Issues for determination
[21] We determine whether the Tribunal’s order is correct - in particular whether in a case of a contravention under s 4(1) (b), it is incumbent on the Commission to supplement its referral complaint and furnish the respondents with (1) particulars of an agreement and/or a concerted practice, (2) the market definition, their geography, (3) the value chain where the price fixing conduct occurred in the horizontal relationship alleged as well as (4) the anti-competitive effects of the impugned conduct.
[22] The Court is indebted to Counsel for the Commission for the able assistance and for the concise Heads of Argument which were of valuable assistance to the Court. It is essential to state at the outset that the Commission sufficiently explained the horizontal nature of the relationship between the respondents in its supplementary affidavit. As argued by the Commission, neither the language of the act nor the logic of how the section operates requires that there be allegations that the respondents operate in the same geographical market in order to be considered competitors.

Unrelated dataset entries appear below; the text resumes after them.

(* Let $h,w\ge 4$ and $G=C_w(U)\sqcap C_h$ with $U=\{i,j\}$, $i\ne j$. (1) If $i$ and $j$ are adjacent in $C_w$, then $Z(G)\le h$. (2) If $i$ and $j$ are not adjacent in $C_w$, then $Z(G)\le 2h$.
   Context: All graphs are finite, simple and undirected. Zero forcing: given a graph $G$ and a set $S\subseteq V(G)$ of initially filled vertices, the color change rule says that if a filled vertex $v$ has exactly one unfilled neighbor $u$, then $v$ forces $u$ to become filled. $S$ is a zero forcing set if repeatedly applying this rule eventually fills every vertex of $G$. The zero forcing number $Z(G)$ is the minimum cardinality of a zero forcing set of $G$. The cycle $C_n$ ($n\ge3$) has vertex set $\{1,\dots,n\}$ and edges $\{k,k+1\}$ for $1\le k\le n-1$ together with $\{n,1\}$. Generalized hierarchical product: for graphs $W,H$ and $U\subseteq V(W)$ (the root set), $W(U)\sqcap H$ is the graph with vertex set $V(W)\times V(H)$ in which $(x_1,y_1)$ and $(x_2,y_2)$ are adjacent iff either ($x_1=x_2\in U$ and $y_1y_2\in E(H)$) or ($y_1=y_2$ and $x_1x_2\in E(W)$). *)

From mathcomp Require Import all_boot all_order.
Set Implicit Arguments. Unset Strict Implicit. Unset Printing Implicit Defensive.

(* Cycle C_n on vertices 'I_n; paper's vertex k (1<=k<=n) is ordinal k-1.
   Edges {k,k+1} and {n,1}, i.e. x ~ y iff y = x+1 mod n or x = y+1 mod n. *)
Definition cycle_adj (n : nat) : rel 'I_n :=
  fun x y => ((x.+1 %% n) == y) || ((y.+1 %% n) == x).

Definition hprod_adj (A B : finType) (adjW : rel A) (U : {set A}) (adjH : rel B)
  : rel (A * B) :=
  fun p q =>
    ((p.1 == q.1) && (p.1 \in U) && adjH p.2 q.2)
    || ((p.2 == q.2) && adjW p.1 q.1).

Definition force_step (T : finType) (adj : rel T) (F : {set T}) : {set T} :=
  F :|: [set u | [exists v, [&& v \in F, adj v u, u \notin F &
                   [forall x, (adj v x && (x != u)) ==> (x \in F)]]]].

(* The set of vertices filled after repeatedly applying the rule
   (#|T| rounds suffice, since each productive round fills a new vertex). *)
Definition force_closure (T : finType) (adj : rel T) (S : {set T}) : {set T} :=
  iter #|T| (force_step adj) S.

Definition zero_forcing_set (T : finType) (adj : rel T) (S : {set T}) : bool :=
  force_closure adj S == [set: T].

(* Zero forcing number: minimum size of a zero forcing set
   ([set: T] is always one, so #|T| is a valid upper default). *)
Definition zero_forcing_number (T : finType) (adj : rel T) : nat :=
  \big[minn/#|T|]_(S : {set T} | zero_forcing_set adj S) #|S|.
Arguments cycle_adj n : clear implicits.

(* Coordinates are taken modulo w and h.  Along a row of the product, only the two
   root columns have vertical edges, so two consecutive filled vertices of a row
   keep forcing along the row until a root column is reached.
   Any two roots i, j: fill the columns i and i + 1.  Each row fills forwards from
   i up to j; then i, whose other three neighbours are filled, forces i - 1, and
   the row fills backwards from i down to j.
   Adjacent roots j = i + 1: fill column i except its last two vertices, together
   with (i - 1, 0) and (i - 1, -1).  Row 0 fills; then (i, 0) and (i, -1) force
   the rest of column i, and row -1 fills.  Once rows k - 1 and k are full,
   (i + 1, k) forces (i + 1, k + 1), then (i, k + 1) forces (i - 1, k + 1), and
   row k + 1 fills. *)

From HB Require Import structures.
From mathcomp Require Import all_boot all_order all_algebra zify.
Set Implicit Arguments. Unset Strict Implicit. Unset Printing Implicit Defensive.
Import GRing.Theory.

HB.instance Definition _ := SemiGroup.isComLaw.Build nat minn minnA minnC.

Section ZeroForcing.
Variables (T : finType) (adj : rel T).

Lemma zero_forcing_number_le (S : {set T}) :
  zero_forcing_set adj S -> zero_forcing_number adj <= #|S|.
Proof.
move=> zfS; rewrite /zero_forcing_number (big_rem_AC _ _ _ _ (mem_index_enum S)).
by rewrite zfS geq_minl.
Qed.

Lemma zero_forcing_setP (S : {set T}) :
  reflect (forall v, v \in force_closure adj S) (zero_forcing_set adj S).
Proof.
by apply: (iffP eqP) => [-> v | fullS]; [rewrite inE | apply/setP => v; rewrite fullS inE].
Qed.

Lemma subset_force_step (F : {set T}) : F \subset force_step adj F.
Proof. exact: subsetUl. Qed.

Lemma subset_force_closure (S : {set T}) : S \subset force_closure adj S.
Proof.
rewrite /force_closure; elim: #|T| => [|k IHk] //=.
exact: subset_trans IHk (subset_force_step _).
Qed.

(* Each round either is stationary or fills a new vertex, so after #|T| rounds
   either a fixpoint or the whole vertex set has been reached. *)
Lemma force_step_closure (S : {set T}) :
  force_step adj (force_closure adj S) = force_closure adj S.
Proof.
set f := force_step adj.
have grow k : f (iter k f S) = iter k f S \/ k <= #|iter k f S|.
  elim: k => [|k [fixk | IHk]]; [by right | by left; rewrite /= fixk fixk |].
  have [fixk | nfixk] := eqVneq (f (iter k f S)) (iter k f S).
    by left; rewrite /= fixk fixk.
  right; apply: leq_ltn_trans IHk (proper_card _).
  by rewrite properEneq eq_sym nfixk subset_force_step.
rewrite /force_closure; have [// | full] := grow #|T|.
have -> : iter #|T| f S = [set: T].
  by apply/eqP; rewrite eqEcard subsetT cardsT full.
by apply/eqP; rewrite eqEsubset subsetT subset_force_step.
Qed.

Lemma force_closure_rule (S : {set T}) (v u : T) :
  v \in force_closure adj S -> adj v u ->
  (forall x, adj v x -> x != u -> x \in force_closure adj S) ->
  u \in force_closure adj S.
Proof.
move=> Cv vu others; rewrite -force_step_closure; apply/setUP.
have [Cu | nCu] := boolP (u \in force_closure adj S); [by left | right].
rewrite inE; apply/existsP; exists v; rewrite Cv vu nCu /=.
by apply/forallP => x; apply/implyP => /andP[]; apply: others.
Qed.

End ZeroForcing.

Section CycleWalk.
Variable n : nat.
Local Notation V := 'I_n.+2.
Local Open Scope ring_scope.

Lemma cycle_adjE (x y : V) : cycle_adj n.+2 x y = (y == x + 1) || (y == x - 1).
Proof.
have succE (z z' : V) : ((z.+1 %% n.+2)%N == z') = (z + 1 == z').
  by rewrite (add_Zp_1 (p := n.+2)).
by rewrite /cycle_adj !succE (eq_sym y) (eq_sym y (x - 1)) subr_eq (eq_sym x).
Qed.

Definition unit_step (d : V) := (d == 1) || (d == -1).

Lemma unit_step1 : unit_step 1.
Proof. by rewrite /unit_step eqxx. Qed.

Lemma unit_stepN1 : unit_step (-1).
Proof. by rewrite /unit_step eqxx orbT. Qed.

Definition walk (a d : V) (l : nat) : V := a + l%:R * d.

Lemma walk0 a d : walk a d 0 = a.
Proof. by rewrite /walk mul0r addr0. Qed.

Lemma walkS a d l : walk a d l.+1 = walk a d l + d.
Proof. by rewrite /walk -natr1 mulrDl mul1r addrA. Qed.

Lemma walk1 a d : walk a d 1 = a + d.
Proof. by rewrite walkS walk0. Qed.

Lemma unit_step_sqr d : unit_step d -> d * d = 1.
Proof. by case/orP=> /eqP->; rewrite ?mulr1 ?mulrNN ?mulr1. Qed.

Lemma walk_inj a d k l : unit_step d -> (k < n.+2)%N -> (l < n.+2)%N ->
  (walk a d k == walk a d l) = (k == l).
Proof.
move=> /unit_step_sqr dd kn ln.
have dK : cancel (fun z : V => z * d) (fun z => z * d).
  by move=> z; rewrite -mulrA dd mulr1.
by rewrite (can_eq (addKr a)) (can_eq dK) !Zp_nat -val_eqE /= !modn_small.
Qed.

Lemma walk_cover a d x : unit_step d ->
  exists2 l, (l < n.+2)%N & x = walk a d l.
Proof.
move=> /unit_step_sqr dd; exists ((x - a) * d : V) => //.
by rewrite /walk natr_Zp -mulrA dd mulr1 addrC subrK.
Qed.

Lemma walk_back a l : (l <= n.+2)%N -> walk a (-1) (n.+2 - l) = walk a 1 l.
Proof.
move=> ln; apply/eqP; rewrite (can_eq (addKr a)) mulrN1 mulr1 eqr_oppLR.
by rewrite -subr_eq0 opprK -natrD subnK // (pchar_Zp (p := n.+2)).
Qed.

Lemma natr_lastZp : (n.+1)%:R = -1 :> V.
Proof. by apply/eqP; rewrite -addr_eq0 natr1 (pchar_Zp (p := n.+2)). Qed.

End CycleWalk.

Section CycleProduct.
Variables (n m : nat) (U : {set 'I_n.+2}) (S : {set 'I_n.+2 * 'I_m.+2}).
Local Notation G := (hprod_adj (cycle_adj n.+2) U (cycle_adj m.+2)).
Local Notation C := (force_closure G S).
Local Open Scope ring_scope.

Lemma hprod_cycle_adjE x y q : G (x, y) q =
  (q \in [:: (x + 1, y); (x - 1, y)]) || (x \in U) && (q \in [:: (x, y + 1); (x, y - 1)]).
Proof.
case: q => x' y'; rewrite /hprod_adj /= !cycle_adjE !inE !xpair_eqE.
rewrite (eq_sym x) (eq_sym y); case: (x' == x); case: (y' == y); case: (x \in U);
  by case: (x' == x + 1); case: (x' == x - 1); case: (y' == y + 1); case: (y' == y - 1).
Qed.

Lemma force_at_root x y u : x \in U -> (x, y) \in C ->
  let N := [:: (x + 1, y); (x - 1, y); (x, y + 1); (x, y - 1)] in
  u \in N -> {in N, forall q, q != u -> q \in C} -> u \in C.
Proof.
move=> xU Cxy N uN others; apply: (force_closure_rule Cxy).
  by move: uN; rewrite hprod_cycle_adjE xU !inE -!orbA.
by move=> q; rewrite hprod_cycle_adjE xU !inE -!orbA => qN; apply: others; rewrite !inE.
Qed.

Lemma force_along_row x y d : x \notin U -> unit_step d ->
  (x - d, y) \in C -> (x, y) \in C -> (x + d, y) \in C.
Proof.
move=> xU d1 Cprev Cxy; apply: (force_closure_rule Cxy).
  by rewrite hprod_cycle_adjE !inE; case/orP: d1 => /eqP->; rewrite eqxx ?orbT.
move=> q; rewrite hprod_cycle_adjE (negbTE xU) orbF !inE.
by move: Cprev; case/orP: d1 => /eqP-> Cprev /orP[]/eqP-> ne //;
  rewrite ?opprK ?eqxx in Cprev ne.
Qed.

Lemma fill_row_walk a d y t : unit_step d ->
  (a, y) \in C -> (a + d, y) \in C ->
  (forall l, (0 < l < t)%N -> walk a d l \notin U) ->
  forall l, (l <= t)%N -> (walk a d l, y) \in C.
Proof.
move=> d1 C0 C1 inner.
have two_filled l : (l < t)%N -> (walk a d l, y) \in C /\ (walk a d l.+1, y) \in C.
  elim: l => [|l IHl] lt; first by rewrite walk1 walk0.
  have [Cl CSl] := IHl (ltnW lt); split=> //.
  rewrite walkS; apply: force_along_row => //; last by rewrite walkS addrK.
  by apply: inner; rewrite ltn0Sn.
by case=> [|l] lt; [rewrite walk0 | case: (two_filled l lt)].
Qed.

End CycleProduct.

Section TwoRoots.
Variables (n m : nat) (i j : 'I_n.+2).

Lemma zero_forcing_number_two_roots :
  zero_forcing_number (hprod_adj (cycle_adj n.+2) [set i; j] (cycle_adj m.+2))
    <= 2 * m.+2.
Proof.
pose S := setX [set i; (i + 1)%R] [set: 'I_m.+2].
apply: leq_trans (zero_forcing_number_le (S := S) _) _; last first.
  by rewrite cardsX cardsT card_ord cards2 leq_mul2r ltnS leq_b1 orbT.
apply/zero_forcing_setP => -[x y]; set C := force_closure _ S.
have CS z : z \in S -> z \in C by apply/subsetP/subset_force_closure.
have [k kn jk] := walk_cover i j (unit_step1 n).
have off_roots l : (l < n.+2)%N -> l != 0%N -> l != k -> walk i 1%R l \notin [set i; j].
  by move=> ln l0 lk; rewrite !inE jk -{2}(walk0 i 1%R) !walk_inj ?unit_step1 // negb_or l0.
have Ci y' : (i, y') \in C by apply: CS; rewrite !inE eqxx.
have Ci1 y' : ((i + 1)%R, y') \in C by apply: CS; rewrite !inE eqxx orbT.
have [l ln ->] := walk_cover i x (unit_step1 n).
have [lk | kl] := leqP l k.
  apply: (fill_row_walk (unit_step1 n) (Ci y) (Ci1 y) _ lk) => l' /andP[l'0 l'k].
  by apply: off_roots; lia.
have Ci_prev : ((i - 1)%R, y) \in C.
  apply: (force_at_root _ (Ci y)); first by rewrite !inE eqxx.
    by rewrite !inE eqxx orbT.
  by move=> q; rewrite !inE => /or4P[] /eqP-> ne //; rewrite eqxx in ne.
rewrite -(walk_back i (ltnW ln)).
have lk : (n.+2 - l <= n.+2 - k)%N by lia.
apply: (fill_row_walk (unit_stepN1 n) (Ci y) Ci_prev _ lk).
move=> l' /andP[l'0 l'k]; have l'n : (l' <= n.+2)%N by lia.
by rewrite -(subKn l'n) walk_back ?leq_subr //; apply: off_roots; lia.
Qed.

End TwoRoots.

Section AdjacentRoots.
Variables (n m : nat) (i : 'I_n.+2).
Hypothesis m_ge2 : (2 <= m)%N.
Local Open Scope ring_scope.
Local Notation U := [set i; (i + 1)%R].
Local Notation G := (hprod_adj (cycle_adj n.+2) U (cycle_adj m.+2)).

Definition adjacent_roots_forcing_set : {set 'I_n.+2 * 'I_m.+2} :=
  [set (i, (k : nat)%:R) | k : 'I_m] :|: [set (i - 1, 0); (i - 1, -1)].
Local Notation S := adjacent_roots_forcing_set.
Local Notation C := (force_closure G S).

Lemma card_adjacent_roots_forcing_set : (#|S| <= m.+2)%N.
Proof.
apply: leq_trans (leq_card_setU _ _) _; rewrite -[X in (_ <= X)%N](addn2 m).
apply: leq_add; last by rewrite cards2 ltnS leq_b1.
by apply: leq_trans (leq_imset_card _ _) _; rewrite card_ord.
Qed.

Let iU : i \in U. Proof. by rewrite !inE eqxx. Qed.
Let i1U : i + 1 \in U. Proof. by rewrite !inE eqxx orbT. Qed.

Let root_column_init k : (k < m)%N -> (i, k%:R) \in C.
Proof.
move=> km; apply/(subsetP (subset_force_closure _ _))/setUP; left.
by apply/imsetP; exists (Ordinal km).
Qed.

Let corner_init y : y \in [:: 0; -1] -> (i - 1, y) \in C.
Proof.
move=> y0; apply/(subsetP (subset_force_closure _ _))/setUP; right.
by move: y0; rewrite !inE => /orP[]/eqP->; rewrite eqxx ?orbT.
Qed.

Lemma adjacent_roots_row y :
  (i, y) \in C -> (i - 1, y) \in C -> forall x, (x, y) \in C.
Proof.
move=> Ciy Cpy x; have [l ln ->] := walk_cover i x (unit_stepN1 n).
apply: (fill_row_walk (unit_stepN1 n) Ciy Cpy _ (_ : l <= n.+1)%N); last by lia.
move=> l' /andP[l'0 l'n].
have i1 : i + 1 = walk i (-1) n.+1 by rewrite (walk_back i (_ : 1 <= n.+2)%N) ?walk1.
by rewrite !inE i1 -{2}(walk0 i (-1)) !walk_inj ?unit_stepN1 //; lia.
Qed.

Lemma adjacent_roots_row0 x : (x, 0) \in C.
Proof.
by apply: adjacent_roots_row; [exact: (root_column_init (ltnW m_ge2)) | exact: corner_init].
Qed.

Lemma adjacent_roots_rowN1 x : (x, -1) \in C.
Proof.
apply: adjacent_roots_row; last by apply: corner_init; rewrite !inE eqxx orbT.
rewrite -sub0r; apply: (force_at_root iU (adjacent_roots_row0 i)).
  by rewrite !inE eqxx !orbT.
move=> q; rewrite !inE => /or4P[] /eqP-> ne; rewrite ?adjacent_roots_row0 ?eqxx // in ne *.
by rewrite add0r; exact: (root_column_init m_ge2).
Qed.

Lemma adjacent_roots_column y : (i, y) \in C.
Proof.
have [ym | my] := ltnP y m; first by rewrite -(natr_Zp y); apply: root_column_init.
have [ym | ym] : (y : nat) = m \/ (y : nat) = m.+1 by have := ltn_ord y; lia.
  have -> : y = -1 - 1 by rewrite -(natr_Zp y) ym -[m%:R](addrK 1) natr1 natr_lastZp.
  apply: (force_at_root iU (adjacent_roots_rowN1 i)); first by rewrite !inE eqxx !orbT.
  move=> q; rewrite !inE => /or4P[] /eqP-> ne;
    rewrite ?adjacent_roots_rowN1 ?eqxx // in ne *.
  by rewrite addNr; exact: (root_column_init (ltnW m_ge2)).
have -> : y = -1 by rewrite -(natr_Zp y) ym natr_lastZp.
exact: adjacent_roots_rowN1.
Qed.

Lemma adjacent_roots_rows k : (k <= m.+1)%N ->
  (forall x, (x, k%:R - 1) \in C) /\ (forall x, (x, k%:R) \in C).
Proof.
elim: k => [|k IHk] km.
  by rewrite sub0r; split; [exact: adjacent_roots_rowN1 | exact: adjacent_roots_row0].
have [row_prev row_k] := IHk (ltnW km).
split=> [x|]; first by rewrite -natr1 addrK.
have Ci1 : (i + 1, k.+1%:R) \in C.
  rewrite -natr1; apply: (force_at_root i1U (row_k _)); first by rewrite !inE eqxx !orbT.
  by move=> q; rewrite !inE => /or4P[] /eqP-> ne; rewrite ?row_k ?row_prev ?eqxx // in ne *.
apply: adjacent_roots_row; first exact: adjacent_roots_column.
apply: (force_at_root iU (adjacent_roots_column k.+1%:R)); first by rewrite !inE eqxx orbT.
by move=> q; rewrite !inE => /or4P[] /eqP-> ne;
  rewrite ?adjacent_roots_column ?eqxx // in ne *.
Qed.

Lemma zero_forcing_set_adjacent_roots : zero_forcing_set G S.
Proof.
apply/zero_forcing_setP => -[x y].
by rewrite -(natr_Zp y); apply: (adjacent_roots_rows _).2; rewrite -ltnS.
Qed.

End AdjacentRoots.

Lemma zero_forcing_number_adjacent_roots n m (i : 'I_n.+2) : 2 <= m ->
  zero_forcing_number
    (hprod_adj (cycle_adj n.+2) [set i; (i + 1)%R] (cycle_adj m.+2)) <= m.+2.
Proof.
move=> m_ge2; apply: leq_trans (card_adjacent_roots_forcing_set m i).
exact/zero_forcing_number_le/zero_forcing_set_adjacent_roots.
Qed.

Theorem mainTheorem5 (w h : nat) (i j : 'I_w) :
  4 <= w -> 4 <= h -> i != j ->
  let G := hprod_adj (cycle_adj w) [set i; j] (cycle_adj h) in
  (cycle_adj w i j -> zero_forcing_number G <= h) /\
  (~~ cycle_adj w i j -> zero_forcing_number G <= 2 * h).
Proof.
case: w i j => [|[|n]] i j // _; case: h => [|[|m]] // m_ge2 _ G.
split=> [|_]; last exact: zero_forcing_number_two_roots.
rewrite /G cycle_adjE => /orP[] /eqP->; first exact: zero_forcing_number_adjacent_roots.
have -> : [set i; (i - 1)%R] = [set (i - 1)%R; (i - 1 + 1)%R] by rewrite subrK setUC.
exact: zero_forcing_number_adjacent_roots.
Qed.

That point need not be belaboured here. Rather, I deal with the more contentious grounds for the complaint simultaneously with submissions made by the Commission.
[23] For efficacy, the sequence followed in this judgment is to consider the legal questions first and determine whether the Tribunal’s order is as envisaged by the Act. Thereafter, I evaluate the facts alleged in the referral complaint together with those facts alleged in the supplementary affidavit and consider whether the Commission complied with Tribunal Rule 15(2).
Applicable Principles and Submissions
[24] Competition Tribunal Rule 15(2) stipulates that:
Subject to Rule 24(1), a Complaint Referral must be supported by an affidavit setting out in numbered paragraphs –
(a) A concise statement of the grounds of the complaint; and
(b) the material facts or points of law relevant to the complaint and relied on by the Commission or complainant, as the case may be
While the framing of this rule is not dissimilar from Uniform Rule 18(4) of the High Court,[7] the pleadings in the High Court motion proceedings differ from proceedings before the Tribunal.[8] The Tribunal may adopt a more flexible approach to pleadings than is the practice in the High Court.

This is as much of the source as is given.